**WORK ORDER**
Tally the lines below that contain the word "rows". Only the number should be returned.

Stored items
◆ ◆ ◆ ◆ ◆ ◆ ◆
(* Let $\lambda=(\lambda_1,\ldots,\lambda_\ell)$ be a partition with $\ell$ positive parts, let $t$ be an integer with $0\leq t<\lambda_\ell$, and let $\mu=(\lambda_1-t,\ldots,\lambda_\ell-t)$ (the partition whose Young diagram is obtained by deleting the first $t$ columns of that of $\lambda$). Suppose $n\geq\ell$. Then the poset $\mathcal B_\mu^n$ is isomorphic to a principal order ideal in the poset $\mathcal B_\lambda^n$. In particular, if $\mathcal B_\mu^n$ is not a lattice, then $\mathcal B_\lambda^n$ is not a lattice.
   Context: For $N\geq 1$ and a partition $\nu$ with at most $N$ positive parts, $\mathcal B_\nu^N$ is the set of semistandard Young tableaux of shape $\nu$ (rows weakly increasing, columns strictly increasing) with entries in $\{1,\ldots,N+1\}$, partially ordered by the reflexive transitive closure of $T<F_i(T)$ for $i\in\{1,\ldots,N\}$ with $F_i(T)\neq 0$. Here $F_i$ is the type A crystal lowering operator: in the reading word of $T$ (rows read from bottom to top, each row left to right) keep only letters $i$ and $i+1$, replace each $i$ by '')'' and each $i+1$ by ''('', and match parentheses in the usual way; if there is no unmatched '')'', $F_i(T)=0$; otherwise $F_i(T)$ is obtained by changing the entry $i$ corresponding to the rightmost unmatched '')'' into $i+1$. *)

From mathcomp Require Import all_boot.
From Stdlib Require Import Relations.
Set Implicit Arguments. Unset Strict Implicit. Unset Printing Implicit Defensive.

Definition is_partition (nu : seq nat) : bool :=
  sorted geq nu && all (fun x => 0 < x) nu.

(* A tableau is a list of rows (row 1 first, i.e. top row first). *)
Definition tableau := seq (seq nat).

Definition is_SSYT (N : nat) (nu : seq nat) (T : tableau) : bool :=
  [&& map size T == nu,
      all (fun r => sorted leq r) T,
      all (fun r => all (fun x => (1 <= x <= N.+1)) r) T &
      [forall i : 'I_(size T).-1,
         [forall j : 'I_(size (nth [::] T i.+1)),
            nth 0 (nth [::] T i) j < nth 0 (nth [::] T i.+1) j]]].

Definition reading_word (T : tableau) : seq nat := flatten (rev T).

(* Scanning the word left to right, letters i are ")" and letters i+1 are "(".
   [opn] counts currently unmatched "("; [best] is the position of the
   rightmost unmatched ")" seen so far. *)
Fixpoint rightmost_unmatched (i : nat) (w : seq nat) (k opn : nat)
    (best : option nat) : option nat :=
  match w with
  | [::] => best
  | x :: w' =>
      if x == i.+1 then rightmost_unmatched i w' k.+1 opn.+1 best
      else if x == i then
        (if opn is opn'.+1 then rightmost_unmatched i w' k.+1 opn' best
         else rightmost_unmatched i w' k.+1 0 (Some k))
      else rightmost_unmatched i w' k.+1 opn best
  end.

(* Crystal lowering operator on words; None stands for 0. *)
Definition F_word (i : nat) (w : seq nat) : option (seq nat) :=
  match rightmost_unmatched i w 0 0 None with
  | None => None
  | Some k => Some (set_nth 0 w k i.+1)
  end.

Definition F_tab (i : nat) (T : tableau) : option tableau :=
  omap (fun w => rev (reshape (shape (rev T)) w)) (F_word i (reading_word T)).

Definition crystal_step (N : nat) (T S : tableau) : Prop :=
  exists2 i, 1 <= i <= N & F_tab i T = Some S.

Definition crystal_le (N : nat) : relation tableau :=
  clos_refl_trans tableau (crystal_step N).

(* The poset B_nu^N has carrier [is_SSYT N nu] and order [crystal_le N]. *)

Definition is_lattice (P : tableau -> Prop) (le : relation tableau) : Prop :=
  forall x y, P x -> P y ->
    (exists j, [/\ P j, le x j, le y j &
                forall z, P z -> le x z -> le y z -> le j z]) /\
    (exists m, [/\ P m, le m x, le m y &
                forall z, P z -> le z x -> le z y -> le z m]).

From mathcomp Require Import all_boot zify.
From Stdlib Require Import Relations.
Set Implicit Arguments. Unset Strict Implicit. Unset Printing Implicit Defensive.

(* Let f prepend to row r of a tableau of shape mu (rows numbered from 1) t
   letters r.  Then f T is semistandard of shape lam, f is injective, and f
   commutes with every F_i: the letters prefixed to the rows above the entry
   changed by F_i are smaller than i, while below it the t letters i+1
   prefixed to row i+1 and the t letters i prefixed to row i cancel in the
   bracketing.  Let M be the maximum of B_mu: lowering strictly increases the
   sum of the entries, so every T reaches a tableau killed by all F_i, and
   there is only one such tableau.  Conversely, a tableau S <= f M lies
   entrywise below f M, and rows are bounded below by their index, so the
   first t columns of S are those of f M; hence S is in the image of f, and
   lowering steps below f M never touch these columns.  So f is an order
   isomorphism from B_mu onto the principal ideal of f M in B_lam, and joins
   and meets transfer from B_lam to B_mu. *)

Lemma cat_cons_lt_size (T : Type) (u v u' v' : seq T) (a b : T) :
  u ++ a :: v = u' ++ b :: v' -> size u < size u' ->
  exists m, u' = u ++ a :: m /\ v = m ++ b :: v'.
Proof.
elim: u u' => [|x u IH] [|y u'] //= [-> E] Hs; first by exists u'.
by have [m [-> ->]] := IH _ E Hs; exists m.
Qed.

Lemma cat_eq_cat_cons (T : Type) (p q u v : seq T) a : p ++ q = u ++ a :: v ->
  (exists x y, [/\ p = x ++ a :: y, u = x & v = y ++ q]) \/
  (exists u', u = p ++ u' /\ q = u' ++ a :: v).
Proof.
elim: p u => [|z p IH] u /=; first by move=> ->; right; exists u.
case: u => [|y u] /= [-> E]; first by left; exists [::], p; rewrite E.
case: (IH _ E) => [[x [y' [-> -> ->]]]|[u' [-> ->]]].
  by left; exists (y :: x), y'.
by right; exists u'.
Qed.

Lemma cat_eq_cat_le (T : Type) (u v p q : seq T) : u ++ v = p ++ q ->
  size p <= size u -> u = p ++ drop (size p) u /\ q = drop (size p) u ++ v.
Proof.
elim: p u => [|a p IH] u; first by rewrite drop0 => ->.
case: u => [|b u] //= [-> E] H.
by have [E1 E2] := IH _ E H; rewrite -E1.
Qed.
(* OMGD with K inner steps: x_0 = x_1 = x0, x_t = K projected gradient steps
   on f_{t-1} with step 1/L started from x_{t-1} (t >= 2). *)
Fixpoint omgd (X : set V) (f : nat -> V -> R) (L : R) (K : nat) (x0 : V)
  (t : nat) : V :=
  match t with
  | 0 => x0
  | 1 => x0
  | (s.+1 as t').+1 =>
      iter K (fun z => proj X (z - L^-1 *: grad (f t') z))
        (omgd X f L K x0 t')
  end.

Definition omgd_cost (X : set V) (f : nat -> V -> R) (L : R) (K : nat) (x0 : V)
  (T : nat) : R :=
  \sum_(1 <= t < T.+1)
     (f t (omgd X f L K x0 t)
      + 2^-1 * sqnorm (omgd X f L K x0 t - omgd X f L K x0 t.-1)).

Definition path_len (X : set V) (f : nat -> V -> R) (T : nat) : R :=
  \sum_(2 <= t < T.+1) sqnorm (argmin X (f t) - argmin X (f t.-1)).

End Defs.

From Pilot Require Import Defs.
From HB Require Import structures.
From mathcomp Require Import all_boot all_order all_algebra.
From mathcomp Require Import all_classical all_reals all_analysis.
From mathcomp Require Import ring lra zify.
Set Implicit Arguments. Unset Strict Implicit. Unset Printing Implicit Defensive.
Import Order.TTheory GRing.Theory Num.Theory numFieldNormedType.Exports.
Local Open Scope classical_set_scope.
Local Open Scope ring_scope.

(* A projected gradient step of size 1/L on a mu-strongly convex, L-smooth
   function contracts the squared distance to the constrained minimizer by
   (L - mu) / (L + mu); with K inner steps OMGD contracts it by 1/4.  Hence the
   tracking error a_t = |x_t - x*_t|^2 satisfies
   a_(t+1) <= a_t / 2 + 2 |x*_(t+1) - x*_t|^2, which sums to
   sum_t a_t <= 2 a_1 + 4 P*_(2,T).  Smoothness and Young's inequality bound
   the hitting cost f_t(x_t) by f_t(x*_t) + |grad f_t(x*_t)|^2 / (2 alpha)
   + (L + alpha) / 2 a_t, and the switching cost |x_(t+1) - x_t|^2 is at most
   5/2 a_t. *)

Section Euclidean.
Variables (R : realType) (d : nat).
Implicit Types (u v w : 'rV[R]_d) (a : R).

Lemma dotpC u v : dotp u v = dotp v u.
Proof. by apply: eq_bigr => i _; rewrite mulrC. Qed.

Lemma dotpDl u v w : dotp (u + v) w = dotp u w + dotp v w.
Proof. by rewrite /dotp -big_split; apply: eq_bigr => i _; rewrite mxE mulrDl. Qed.

Lemma dotpZl a u v : dotp (a *: u) v = a * dotp u v.
Proof. by rewrite /dotp mulr_sumr; apply: eq_bigr => i _; rewrite mxE mulrA. Qed.

Lemma dotpNl u v : dotp (- u) v = - dotp u v.
Proof. by rewrite -scaleN1r dotpZl mulN1r. Qed.

Lemma dotpBl u v w : dotp (u - v) w = dotp u w - dotp v w.
Proof. by rewrite dotpDl dotpNl. Qed.

Lemma dotpDr u v w : dotp w (u + v) = dotp w u + dotp w v.
Proof. by rewrite dotpC dotpDl !(dotpC w). Qed.

Lemma dotpZr a u v : dotp v (a *: u) = a * dotp v u.
Proof. by rewrite dotpC dotpZl dotpC. Qed.

Lemma dotpNr u v : dotp v (- u) = - dotp v u.
Proof. by rewrite dotpC dotpNl dotpC. Qed.

Lemma dotpBr u v w : dotp w (u - v) = dotp w u - dotp w v.
Proof. by rewrite dotpDr dotpNr. Qed.

Lemma sqnorm_ge0 u : 0 <= sqnorm u.
Proof. by apply: sumr_ge0 => i _; rewrite -expr2 sqr_ge0. Qed.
◆ ◆ ◆ ◆ ◆ ◆ ◆
**WORKED SOLUTION**
5